Once the line with "QP_app : forall" is found in the data, output it and each following line exactly, up to and including the line with "x, A x -> B x.", and nothing before or after.

(Saved entries)

════════════════════

Lemma packed_transpose (R : realFieldType) hor (T : finType) (C : container)
    (S : {set T}) (w h : T -> nat) (x y : T -> R) :
  packed hor C S w h x y -> packed (~~ hor) (transpose_cont C) S h w y x.
Proof.
case=> inC disj; split=> [i /inC[] //|i j iS jS ij t].
by have := disj i j iS jS ij t; case: (hor).
Qed.

Lemma transpose_contK : involutive transpose_cont.
Proof. by case. Qed.

Lemma regrouping (R : realFieldType) (hor : bool) (k : nat) (T : finType)
    (w h : T -> nat) (C : container) (I : {set T}) (x y : T -> R) :
  (forall i, i \in I -> (0 < w i)%N /\ (0 < h i)%N) -> packed hor C I w h x y ->
  exists (Cs : 'I_k.+1 -> container) (asg : T -> 'I_k.+1) (x' y' : T -> R),
    [/\ (forall j, sub_container (Cs j) C),
        (forall j j', j != j' -> cont_disjoint R (Cs j) (Cs j')),
        (forall j, packed hor (Cs j) [set i in I | asg i == j] w h x' y')
      & \sum_(j < k.+1) ((cw (Cs j) * ch (Cs j))%:R : R)
          - \sum_(i in I) ((w i * h i)%:R : R)
        <= k.+1%:R^-1 * (cw C * ch C)%:R].
Proof.
case: hor => item_pos CI; first exact: horizontal_regrouping k item_pos CI.
have item_pos' i : i \in I -> (0 < h i)%N /\ (0 < w i)%N by case/item_pos.
have [Cs [asg [x' [y' [sub disj pk waste]]]]] :=
  horizontal_regrouping k item_pos' (packed_transpose CI).
exists (transpose_cont \o Cs), asg, y', x'; split => [j|j j' jj'|j|].
- by rewrite -[C]transpose_contK; apply: sub_container_transpose.
- exact: cont_disjoint_transpose (disj j j' jj').
- exact: packed_transpose (pk j).
- move: waste; rewrite /= mulnC.
  by under eq_bigr do rewrite mulnC; under [X in _ - X <= _]eq_bigr do rewrite mulnC.
Qed.
(* For a semiring $(S,+,\cdot)$ the following are equivalent: (i) $S$ is a b-lattice of nil-extensions of left skew-rings; (ii) $S$ is a quasi completely regular semiring and for all $e,f\in E^+(S)$ there exists a positive integer $n$ such that $n(e+f)=n(e+f+e)$; (iii) $S$ is additively quasi regular, $b^2\,\mathscr{H}^{*^{+}}\,b$ for all $b\in S$, and for all $a,x\in S$, $a=a+x+a$ implies $a+x=a+2x+a$.
   Context: A semiring $(S,+,\cdot)$ has two associative operations with $a(b+c)=ab+ac$, $(b+c)a=ba+ca$. $na$ is the $n$-fold sum of $a$; $b^2=b\cdot b$. $E^+(S)$ is the set of additive idempotents. $a$ is additively regular if $a=a+x+a$ for some $x$; $S$ is additively quasi regular if for each $a$ some $na$ is additively regular. $a$ is completely regular if there is $x$ with $a=a+x+a$, $a+x=x+a$, $a(a+x)=a+x$; $S$ is quasi completely regular if for each $a$ some $na$ is completely regular. Green's relations of $(S,+)$: $\mathscr{L}^+,\mathscr{R}^+$. For additively quasi regular $S$, $m(a)$ is the least positive integer with $m(a)a$ additively regular; $a\,\mathscr{L}^{*^{+}}\,b$ iff $m(a)a\,\mathscr{L}^+\,m(b)b$, $a\,\mathscr{R}^{*^{+}}\,b$ iff $m(a)a\,\mathscr{R}^+\,m(b)b$, $\mathscr{H}^{*^{+}}=\mathscr{L}^{*^{+}}\cap\mathscr{R}^{*^{+}}$. A skew-ring is a semiring whose additive reduct is a (not necessarily commutative) group. A left zero semiring is a semiring with $(S,\cdot)$ a band and $(S,+)$ a left zero band ($a+b=a$ for all $a,b$). A left skew-ring is a semiring isomorphic to a direct product (componentwise operations) of a left zero semiring and a skew-ring. $S$ is a nil-extension of a subsemiring $K$ if $K$ is a bi-ideal ($a\in K,x\in S\Rightarrow a+x,x+a,ax,xa\in K$) and every $a\in S$ has some $na\in K$. A b-lattice is a semiring with $(S,\cdot)$ a band and $(S,+)$ a semilattice; $S$ is a b-lattice of semirings of a class if there is a congruence $\rho$ on $S$ with $S/\rho$ a b-lattice and each $\rho$-class a subsemiring in that class. *)

Set Implicit Arguments.
(* No commutativity of add, no zero or one is assumed. *)

Section Semiring.
Variable S : Type.
Variables add mul : S -> S -> S.
Lemma integral_inv_sqrt (a : R) : 0 < a < 1 ->
  (\int[lebesgue]_(x in `[a, 1%R]) ((Num.sqrt x)^-1)%:E = (2 - 2 * Num.sqrt a)%:E)%E.
Proof.
move=> /andP[a0 a1].
pose F x : R := 2 * Num.sqrt x.
have dF (x : R) : 0 < x -> is_derive x 1 F (Num.sqrt x)^-1.
  move=> x0; have -> : (Num.sqrt x)^-1 = 2 *: (2 * Num.sqrt x)^-1.
    by rewrite /GRing.scale /= invfM mulrA divff ?mul1r.
  exact: is_deriveZ (is_derive1_sqrt x0).
have cF : continuous F.
  by move=> x; apply: cvgM; [exact: cvg_cst | exact: sqrt_continuous].
have -> : 2 - 2 * Num.sqrt a = F 1 - F a by rewrite /F sqrtr1 mulr1.
rewrite EFinB; apply: continuous_FTC2 => //.
- apply: continuous_in_subspaceT => x; rewrite inE /= in_itv /= => /andP[ax _].
  apply: continuousV; first by rewrite gt_eqF // sqrtr_gt0 (lt_le_trans a0 ax).
  exact: sqrt_continuous.
- split.
  + by move=> x; rewrite in_itv /= => /andP[ax _]; have [] := dF x (lt_trans a0 ax).
  + exact/cvg_at_right_filter/cF.
  + exact/cvg_at_left_filter/cF.
- move=> x; rewrite in_itv /= => /andP[ax _].
  by rewrite derive1E; apply: derive_val; exact: dF (lt_trans a0 ax).
Qed.

Definition inv_sqrt_onem (s : R) : R := (Num.sqrt (1 - s))^-1.

Lemma inv_sqrt_onem_ge0 s : 0 <= inv_sqrt_onem s.
Proof. by rewrite invr_ge0 sqrtr_ge0. Qed.

Lemma continuous_inv_sqrt_onem s : s < 1 -> {for s, continuous inv_sqrt_onem}.
Proof.
move=> s1; apply: continuousV; first by rewrite gt_eqF // sqrtr_gt0 subr_gt0.
apply: continuous_comp; last exact: sqrt_continuous.
by apply: continuousB; [exact: cvg_cst | exact: cvg_id].
Qed.
(* Let $\mathcal K$ be an abstract Krivine structure, $\mathsf E=\mathsf S(\mathsf K(\mathsf S\mathsf K\mathsf K))$, and for $P\subseteq\Pi$ put $\eta P=\{\mathsf E\mathsf E\}^\perp\ast_\bullet{}^\perp P$. Then for all $P\subseteq\Pi$ and $L\subseteq\Lambda$: $$P\ast_\bullet L\subseteq P\ast L\subseteq P\ast_\perp L\subseteq P\,\clubsuit\,L\subseteq \eta P\ast_\bullet L\subseteq\eta P\ast L\subseteq\eta P\ast_\perp L.$$
   Context: An abstract Krivine structure $\mathcal K$ consists of sets $\Lambda$ (terms), $\Pi$ (stacks), a relation $\perp\subseteq\Lambda\times\Pi$ (write $t\perp\pi$), a map $\mathrm{push}:\Lambda\times\Pi\to\Pi$ written $t\cdot\pi$ (associating to the right), a map $\mathrm{app}:\Lambda\times\Lambda\to\Lambda$ written $ts$ (associating to the left), a subset $\mathrm{QP}\subseteq\Lambda$ closed under application, and $\mathsf K,\mathsf S\in\mathrm{QP}$ such that for all $t,s,u\in\Lambda$, $\pi\in\Pi$: (a) $t\perp s\cdot\pi$ implies $ts\perp\pi$; (b) $t\perp\pi$ implies $\mathsf K\perp t\cdot s\cdot\pi$; (c) $tu(su)\perp\pi$ implies $\mathsf S\perp t\cdot s\cdot u\cdot\pi$. Polars: $L^\perp=\{\pi:\forall t\in L,\ t\perp\pi\}$, ${}^\perp P=\{t:\forall\pi\in P,\ t\perp\pi\}$; $\overline P=({}^\perp P)^\perp$. Define $P\ast L=\{\pi: t\cdot\pi\in P\ \forall t\in L\}$, $P\ast_\perp L=\overline{P\ast L}$, $P\ast_\bullet L=\{\pi: t\cdot\pi'\in P\ \forall t\in L,\ \pi'\in\overline{\{\pi\}}\}$, $P\,\clubsuit\,L=(\{t\ell:t\in{}^\perp P,\ \ell\in L\})^\perp$. *)

Set Implicit Arguments.

Record AKS := {
  Lam : Type;
  Pi : Type;
  perp : Lam -> Pi -> Prop;
  push : Lam -> Pi -> Pi;
  app : Lam -> Lam -> Lam;
  QP : Lam -> Prop;
  QP_app : forall t s, QP t -> QP s -> QP (app t s);
  Kc : Lam;
  Sc : Lam;
  K_QP : QP Kc;
  S_QP : QP Sc;
  ax_push : forall t s pi, perp t (push s pi) -> perp (app t s) pi;
  ax_K : forall t s pi, perp t pi -> perp Kc (push t (push s pi));
  ax_S : forall t s u pi, perp (app (app t u) (app s u)) pi ->
           perp Sc (push t (push s (push u pi)))
}.

Section Defs.
Context {K : AKS}.

Definition subset {T} (A B : T -> Prop) := forall x, A x -> B x.

Definition polL (L : Lam K -> Prop) : Pi K -> Prop :=
  fun pi => forall t, L t -> perp K t pi.
Definition polP (P : Pi K -> Prop) : Lam K -> Prop :=
  fun t => forall pi, P pi -> perp K t pi.
Definition bicl (P : Pi K -> Prop) : Pi K -> Prop := polL (polP P).

Definition star (P : Pi K -> Prop) (L : Lam K -> Prop) : Pi K -> Prop :=
  fun pi => forall t, L t -> P (push K t pi).
Definition star_perp P L := bicl (star P L).
Definition star_bullet (P : Pi K -> Prop) (L : Lam K -> Prop) : Pi K -> Prop :=
  fun pi => forall t pi', L t -> bicl (fun x => x = pi) pi' -> P (push K t pi').
Definition club (P : Pi K -> Prop) (L : Lam K -> Prop) : Pi K -> Prop :=
  polL (fun u => exists t l, polP P t /\ L l /\ u = app K t l).

Definition Ec : Lam K :=
  app K (Sc K) (app K (Kc K) (app K (app K (Sc K) (Kc K)) (Kc K))).
Definition eta (P : Pi K -> Prop) : Pi K -> Prop :=
  star_bullet (polL (fun t => t = app K Ec Ec)) (polP P).
End Defs.


(* The first two inclusions hold for any P (a stack is in the bi-orthogonal
   of its singleton, and a set is in its bi-orthogonal), and P ∗⊥ L lies in
   P ♣ L because [t ∈ ^⊥P] and [l ∈ L] give [t l ⊥ π] for all [π ∈ P ∗ L],
   so [t l ∈ ^⊥(P ∗ L)] and taking polars reverses the inclusion.
   For the step into η P the combinator [E = S (K (S K K))] acts as an
   η-expansion: [E u ⊥ t·π] as soon as [u t ⊥ π], and likewise [E E ⊥ u·ρ]
   as soon as [E u ⊥ ρ]; pushing these through the bi-orthogonals of
   singletons shows that [t·π'] lies in η P whenever [π ∈ P ♣ L]. *)

Section Orthogonality.
Context {K : AKS}.

Lemma subset_bicl (P : Pi K -> Prop) : subset P (bicl P).
Proof. intros pi HP t Ht. exact (Ht pi HP). Qed.

Lemma polL_antitone (L L' : Lam K -> Prop) : subset L L' -> subset (polL L') (polL L).
Proof. intros HLL' pi Hpi t Ht. exact (Hpi t (HLL' t Ht)). Qed.

Lemma perp_bicl1 (t : Lam K) (pi pi' : Pi K) :
  perp K t pi -> bicl (fun x => x = pi) pi' -> perp K t pi'.
Proof. intros Ht Hpi'. apply Hpi'. intros x ->. exact Ht. Qed.

Lemma star_bullet_sub_star (P : Pi K -> Prop) (L : Lam K -> Prop) :
  subset (star_bullet P L) (star P L).
Proof.
  intros pi H t Ht. apply H; [exact Ht |]. apply subset_bicl. reflexivity.
Qed.

Lemma star_sub_star_perp (P : Pi K -> Prop) (L : Lam K -> Prop) :
  subset (star P L) (star_perp P L).
Proof. apply subset_bicl. Qed.

Lemma app_polP_star (P : Pi K -> Prop) (L : Lam K -> Prop) (t l : Lam K) :
  polP P t -> L l -> polP (star P L) (app K t l).
Proof. intros Ht Hl pi Hpi. apply ax_push. exact (Ht _ (Hpi l Hl)). Qed.

Lemma star_perp_sub_club (P : Pi K -> Prop) (L : Lam K -> Prop) :
  subset (star_perp P L) (club P L).
Proof.
  apply polL_antitone. intros u (t & l & Ht & Hl & ->).
  exact (app_polP_star P L t l Ht Hl).
Qed.

End Orthogonality.

Section Eta_expansion.
Context {K : AKS}.

Definition Ic : Lam K := app K (app K (Sc K) (Kc K)) (Kc K).

Lemma Ec_SKI : Ec = app K (Sc K) (app K (Kc K) Ic).
Proof. reflexivity. Qed.

Lemma perp_K_push (t s : Lam K) (pi : Pi K) :
  perp K t pi -> perp K (app K (Kc K) t) (push K s pi).
Proof. intro H. apply ax_push, ax_K, H. Qed.

Lemma perp_I_push (x : Lam K) (pi : Pi K) :
  perp K x pi -> perp K Ic (push K x pi).
Proof. intro H. apply ax_push, ax_push, ax_S, ax_push, perp_K_push, H. Qed.

Lemma perp_E_push (u t : Lam K) (pi : Pi K) :
  perp K (app K u t) pi -> perp K Ec (push K u (push K t pi)).
Proof.
  intro H. rewrite Ec_SKI. apply ax_push, ax_S, ax_push, ax_push, perp_K_push, perp_I_push, H.
Qed.

Lemma club_sub_eta_star_bullet (P : Pi K -> Prop) (L : Lam K -> Prop) :
  subset (club P L) (star_bullet (eta P) L).
Proof.
  intros pi Hpi t pi' Ht Hpi' u rho Hu Hrho EE ->.
  apply ax_push, perp_E_push.
  eapply perp_bicl1; [| exact Hrho]. apply ax_push, perp_E_push.
  eapply perp_bicl1; [| exact Hpi']. apply Hpi.
  exists u, t. auto.
Qed.

End Eta_expansion.

Theorem mainTheorem6 (K : AKS) (P : Pi K -> Prop) (L : Lam K -> Prop) :
  subset (star_bullet P L) (star P L) /\
  subset (star P L) (star_perp P L) /\
  subset (star_perp P L) (club P L) /\
  subset (club P L) (star_bullet (eta P) L) /\
  subset (star_bullet (eta P) L) (star (eta P) L) /\
  subset (star (eta P) L) (star_perp (eta P) L).
Proof.
  repeat split.
  - apply star_bullet_sub_star.
  - apply star_sub_star_perp.
  - apply star_perp_sub_club.
  - apply club_sub_eta_star_bullet.
  - apply star_bullet_sub_star.
  - apply star_sub_star_perp.
Qed.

════════════════════

* Solution for this exercise:
  QP_app : forall t s, QP t -> QP s -> QP (app t s);
  Kc : Lam;
  Sc : Lam;
  K_QP : QP Kc;
  S_QP : QP Sc;
  ax_push : forall t s pi, perp t (push s pi) -> perp (app t s) pi;
  ax_K : forall t s pi, perp t pi -> perp Kc (push t (push s pi));
  ax_S : forall t s u pi, perp (app (app t u) (app s u)) pi ->
           perp Sc (push t (push s (push u pi)))
}.

Section Defs.
Context {K : AKS}.

Definition subset {T} (A B : T -> Prop) := forall x, A x -> B x.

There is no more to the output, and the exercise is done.